Why would I entrust you with my vulnerability and something as important
as my marriage if you’ve never been to counseling yourself? Why haven’t
you been? Don’t you believe in what you’re offering?)
- “I took part in some counseling when I took my courses for my
degree.”
(You mean you role played with other students in some of your counseling
classes—that doesn’t count. You weren’t in a real counseling situation
and were probably focused on what your classmates and professor thought
of your role-playing. That’s totally different from participating in
therapy to look closely at your own real issues.)

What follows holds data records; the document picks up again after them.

(* Suppose there exist an affine plane $\mathrm{AG}(2,k)$ and a resolvable balanced incomplete block design $\mathrm{RBIBD}(v,k,1)$. Then there exists an $\mathrm{RBIBD}(kv,k,1)$ $\mathcal{D}^*$ such that $1$-$\mathrm{BIG}(\mathcal{D}^* )$ is silver.
   Context: A $2$-$(v,k,\lambda)$ design ($2<k<v$) is a pair $(V,\mathcal{B})$ with $|V|=v$ and $\mathcal{B}$ a collection of $k$-subsets of $V$ (blocks) such that every $2$-subset of $V$ lies in exactly $\lambda$ blocks. A parallel class is a set of blocks partitioning $V$. An $\mathrm{RBIBD}(v,k,\lambda)$ is a $2$-$(v,k,\lambda)$ design whose blocks can be partitioned into parallel classes. An affine plane $\mathrm{AG}(2,n)$ is a $2$-$(n^2,n,1)$ design. The $1$-block intersection graph $1$-$\mathrm{BIG}(\mathcal{D})$ has the blocks as vertices, two blocks adjacent iff they intersect in exactly one element. An $\alpha$-set of a graph is a maximum independent set. Let $G$ be an $r$-regular graph and $c$ a proper $(r+1)$-coloring of $G$. A vertex $x$ is rainbow with respect to $c$ if every one of the $r+1$ colors appears on $N[x]=N(x)\cup\{x\}$. Given an $\alpha$-set $I$, $c$ is silver with respect to $I$ if every $x\in I$ is rainbow; $G$ is silver if it admits a silver coloring with respect to some $\alpha$-set. *)

From mathcomp Require Import all_boot.
Unset Printing Implicit Defensive.

(* A 2-(n,k,1) design on the point set 'I_n, blocks a set of k-subsets.
   (For lambda = 1 blocks are necessarily distinct, so a set of blocks
   is the same as a collection of blocks.) *)
Definition design2 (n k : nat) (B : {set {set 'I_n}}) : Prop :=
  [/\ 2 < k, k < n,
      forall b, b \in B -> #|b| = k &
      forall x y : 'I_n, x != y ->
        #|[set b in B | (x \in b) && (y \in b)]| = 1].

Definition parallel_class (n : nat) (P : {set {set 'I_n}}) : Prop :=
  partition P [set: 'I_n].

Definition rbibd (n k : nat) (B : {set {set 'I_n}}) : Prop :=
  design2 n k B /\
  exists Pc : {set {set {set 'I_n}}},
    partition Pc B /\ forall P, P \in Pc -> parallel_class n P.

Definition affine_plane (m : nat) (A : {set {set 'I_(m ^ 2)}}) : Prop :=
  design2 (m ^ 2) m A.

(* The 1-block intersection graph: vertex set B, adjacency = meet in exactly one point. *)
Definition one_big_adj (n : nat) : rel {set 'I_n} :=
  fun b1 b2 => #|b1 :&: b2| == 1.

Section Graph.
Variables (T : finType) (Vx : {set T}) (e : rel T).

Definition regular (r : nat) : Prop :=
  forall x, x \in Vx -> #|[set y in Vx | e x y]| = r.

Definition independent (I : {set T}) : Prop :=
  I \subset Vx /\ forall x y, x \in I -> y \in I -> ~~ e x y.

Definition alpha_set (I : {set T}) : Prop :=
  independent I /\ forall J, independent J -> #|J| <= #|I|.

Definition proper_coloring (m : nat) (c : T -> 'I_m) : Prop :=
  forall x y, x \in Vx -> y \in Vx -> e x y -> c x != c y.

Definition rainbow (m : nat) (c : T -> 'I_m) (x : T) : Prop :=
  forall col : 'I_m, exists y, [/\ y \in Vx, (y == x) || e x y & c y = col].

Definition silver_coloring (r : nat) (I : {set T}) (c : T -> 'I_r.+1) : Prop :=
  proper_coloring r.+1 c /\ forall x, x \in I -> rainbow r.+1 c x.

Definition silver : Prop :=
  exists r, regular r /\
    exists I, alpha_set I /\ exists c : T -> 'I_r.+1, silver_coloring r I c.
End Graph.

From mathcomp Require Import all_boot zify.
Set Implicit Arguments. Unset Strict Implicit. Unset Printing Implicit Defensive.

(* Take the points V x 'I_k, where V is the point set of the RBIBD(v,k,1). The
   columns {x} x 'I_k form one parallel class. A parallel class G of AG(2,k)
   coordinatises the plane as 'I_k x 'I_k, and every line outside G is the graph
   of a function 'I_k -> 'I_k. A block B of the RBIBD and such a line l lift to
   the block of the points (y, i), y in B, with i the value of l at the position
   of y in B; lifting a parallel class of the RBIBD along a parallel class of
   AG(2,k) other than G gives a parallel class, so the result is an
   RBIBD(kv,k,1).
   In any resolvable 2-(n,k,1) design with r + 1 parallel classes, a block meets
   each other class in exactly k blocks, one through each of its points, and
   blocks of the same class are disjoint. Hence the 1-block intersection graph
   is kr-regular and every parallel class P0 is a maximum independent set.
   Colour P0 with 0 and split each other class into k colours by a label f;
   the colouring is proper, and it is rainbow on P0 as soon as the k blocks of
   a class meeting a block of P0 get distinct labels. For the columns, labelling
   a lifted block by the position of its line in its parallel class works. *)

Section Partitions.
Variable T : finType.
Implicit Types (P : {set {set T}}) (D b : {set T}).

Lemma trivIset_mem_eq P b1 b2 x : trivIset P -> b1 \in P -> b2 \in P ->
  x \in b1 -> x \in b2 -> b1 = b2.
Proof. by move=> tI P1 P2 x1 x2; rewrite -(def_pblock tI P1 x1) (def_pblock tI P2 x2). Qed.

Lemma partition_cover P D x : partition P D -> x \in D -> exists2 b, b \in P & x \in b.
Proof.
move=> /cover_partition cPD; rewrite -cPD => xP.
by exists (pblock P x); [apply: pblock_mem | rewrite mem_pblock].
Qed.

Lemma partition_intro P D :
  {in P, forall b, b != set0} -> {in P, forall b, b \subset D} ->
  (forall x, x \in D -> exists2 b, b \in P & x \in b) ->
  (forall b1 b2 x, b1 \in P -> b2 \in P -> x \in b1 -> x \in b2 -> b1 = b2) ->
  partition P D.
Proof.
move=> P_neq0 P_sub D_cov P_uniq; apply/and3P; split.
- apply/eqP/setP => x; apply/bigcupP/idP => [[b Pb xb] | /D_cov[b Pb xb]].
    exact: subsetP (P_sub _ Pb) x xb.
  by exists b.
- apply/trivIsetP => b1 b2 P1 P2 b12; apply/pred0P => x /=; apply/andP => -[x1 x2].
  by move: b12; rewrite (P_uniq _ _ _ P1 P2 x1 x2) eqxx.
- by apply/negP => /P_neq0; rewrite eqxx.
Qed.

End Partitions.

Section Positions.
Variables (T : finType) (k : nat) (i0 : 'I_k).

(* i0 is a junk value for out-of-range indices, e.g. for x \notin S. *)
Definition pos_in (S : {set T}) (x : T) : 'I_k := insubd i0 (index x (enum S)).

Lemma pos_in_inj (S : {set T}) : #|S| = k -> {in S &, injective (pos_in S)}.
Proof.
move=> cS x y xS yS; have idx_lt z : z \in S -> index z (enum S) < k.
  by move=> zS; rewrite -cS cardE index_mem mem_enum.
move/(congr1 val); rewrite !val_insubd !idx_lt // => e.
by rewrite -(nth_index x (_ : x \in enum S)) ?mem_enum // e nth_index ?mem_enum.
Qed.

Lemma pos_in_onto (S : {set T}) a : #|S| = k -> exists2 x, x \in S & pos_in S x = a.
Proof.
move=> cS; have onto : [set pos_in S x | x in S] = [set: 'I_k].
  apply/eqP; rewrite eqEcard subsetT cardsT card_ord card_in_imset ?cS ?leqnn //.
  exact: pos_in_inj.
have : a \in [set pos_in S x | x in S] by rewrite onto inE.
by case/imsetP=> x xS ->; exists x.
Qed.

End Positions.

Section LinearSpace.
Variables (T : finType) (A : {set {set T}}).
Hypothesis A_pair : forall x y : T, x != y ->
  #|[set b in A | (x \in b) && (y \in b)]| = 1.

Lemma line_uniq x y l m : x != y -> l \in A -> m \in A ->
  x \in l -> y \in l -> x \in m -> y \in m -> l = m.
Proof.
move=> xy lA mA xl yl xm ym; have /eqP/cards1P[b e] := A_pair xy.
have : l \in [set b in A | (x \in b) && (y \in b)] by rewrite inE lA xl yl.
have : m \in [set b in A | (x \in b) && (y \in b)] by rewrite inE mA xm ym.
by rewrite e !inE => /eqP-> /eqP->.
Qed.

(* Junk value [set0] when x = y. *)
Definition line x y := odflt set0 [pick m in A | (x \in m) && (y \in m)].

Lemma lineP x y : x != y -> [/\ line x y \in A, x \in line x y & y \in line x y].
Proof.
move=> xy; rewrite /line; case: pickP => [m /andP[mA /andP[xm ym]] //|none].
have /eqP/cards1P[m e] := A_pair xy.
by move: (set11 m); rewrite -e inE none.
Qed.

Lemma meet_line l m x : l \in A -> m \in A -> l != m ->
  x \in l -> x \in m -> l :&: m = [set x].
Proof.
move=> lA mA lm xl xm; apply/setP => y; rewrite !inE.
have [->|yx] := eqVneq y x; first by rewrite xl xm.
by apply: contraNF lm => /andP[yl ym]; rewrite (line_uniq yx lA mA yl xl ym xm).
Qed.

End LinearSpace.

Section OneBlockIntersectionGraph.
Variables (T : finType) (k : nat) (D : {set {set T}}).
Variables (Pc : {set {set {set T}}}) (P0 : {set {set T}}) (f : {set T} -> 'I_k).
Hypothesis k_gt1 : 1 < k.
Hypothesis card_block : forall b, b \in D -> #|b| = k.
Hypothesis D_pair : forall x y : T, x != y ->
  #|[set b in D | (x \in b) && (y \in b)]| = 1.
Hypothesis Pc_partition : partition Pc D.
Hypothesis Pc_parallel : forall P, P \in Pc -> partition P [set: T].
Hypothesis P0_Pc : P0 \in Pc.
Hypothesis f_inj : forall b Q, b \in P0 -> Q \in Pc -> Q != P0 ->
  {in b &, injective (fun x => f (pblock Q x))}.

Let adj : rel {set T} := fun b1 b2 => #|b1 :&: b2| == 1.
Local Notation class b := (pblock Pc b).
Local Notation r := #|Pc :\ P0|.

Lemma class_Pc b : b \in D -> class b \in Pc.
Proof. by move=> bD; rewrite pblock_mem // (cover_partition Pc_partition). Qed.

Lemma mem_class b : b \in D -> b \in class b.
Proof. by move=> bD; rewrite mem_pblock (cover_partition Pc_partition). Qed.

Lemma class_block Q b : Q \in Pc -> b \in Q -> b \in D.
Proof. by move=> QPc; apply/subsetP/(partitionS Pc_partition QPc). Qed.

Lemma class_eq Q b : Q \in Pc -> b \in Q -> class b = Q.
Proof. exact: def_pblock (partition_trivIset Pc_partition). Qed.

Lemma adj_irr b : b \in D -> ~~ adj b b.
Proof. by move=> bD; rewrite /adj setIid card_block // neq_ltn k_gt1 orbT. Qed.

Lemma adj_class b1 b2 : b1 \in D -> b2 \in D -> adj b1 b2 -> class b1 != class b2.
Proof.
move=> D1 D2 a12; apply/eqP => e.
have /set0Pn[x] : b1 :&: b2 != set0 by rewrite -card_gt0 (eqP a12).
rewrite inE => /andP[x1 x2].
have P1 := class_Pc D1; have c2 := mem_class D2; rewrite -e in c2.
have e12 := trivIset_mem_eq (partition_trivIset (Pc_parallel P1)) (mem_class D1) c2 x1 x2.
by move: a12; rewrite e12; apply/negP/adj_irr.
Qed.

Lemma pblock_meet b Q x : b \in D -> Q \in Pc -> Q != class b -> x \in b ->
  [/\ pblock Q x \in Q, x \in pblock Q x & b :&: pblock Q x = [set x]].
Proof.
move=> bD QPc Qb xb; have cQ := cover_partition (Pc_parallel QPc).
have xQ : pblock Q x \in Q by rewrite pblock_mem // cQ inE.
have xq : x \in pblock Q x by rewrite mem_pblock cQ inE.
split=> //; apply: (meet_line D_pair) xb xq => //; first exact: class_block xQ.
by apply: contraNneq Qb => e; rewrite -(class_eq QPc xQ) -e.
Qed.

- “Yes, I have. I’ve had several years of intensive personal
counseling, and I still see a counselor when things come up that I need
to process. I know how much courage and commitment it takes to confront
personal issues, avoid blaming others, and take responsibility for the
quality of one’s life.”
(Yes, this is the one! He (or she) has gone through the counseling
process himself. He won’t be just talking about something he has never
experienced, and he doesn’t sound ashamed that he’s had counseling.
Instead, he sounds proud of himself for making that choice. I like that
he “practices what he preaches” about counseling. He must believe that
it helps in some way or he wouldn’t have spent so much time and money
getting counseling himself.) Are you surprised to learn that many counselors have never participated
in counseling as clients and have never faced their own individual or
relationship issues? That they could get their advanced degree and
become licensed without having participated in personal growth
counseling? It is shocking to think that could happen, but it does—quite
often.Just think about it—would you want to go to a therapist who recommends
counseling to others but has never taken her (or his) own advice? Who
hasn’t dealt with her own personal past and present issues that could
impact the recommendations she makes to you? Who doesn’t really know how
vulnerable you feel as a client and how much courage it takes to make an
appointment, sit in the waiting room, and then talk openly to someone
you’ve never seen before?
I can unequivocally say that you should steer clear of counselors who
haven’t done their own work in counseling—either in individual
counseling, relationship or marriage counseling, or both. There’s a
saying that you can’t take other people any further than you’ve been
yourself.
That’s certainly true when it comes to counseling. The counselor needs
to be very familiar with the terrain—not from only textbook knowledge
but from personal experience, also. He (or she) also needs to be able to
help you without getting your issues all tangled up in his own
unresolved issues—something personal counseling helps a counselor to do
more effectively.
So before you sign on with a marriage counselor, ask the important
question, “Have you ever participated in extensive personal therapy
yourself?” and be sure that the counselor you select knows the
advantages of personal counseling first-hand.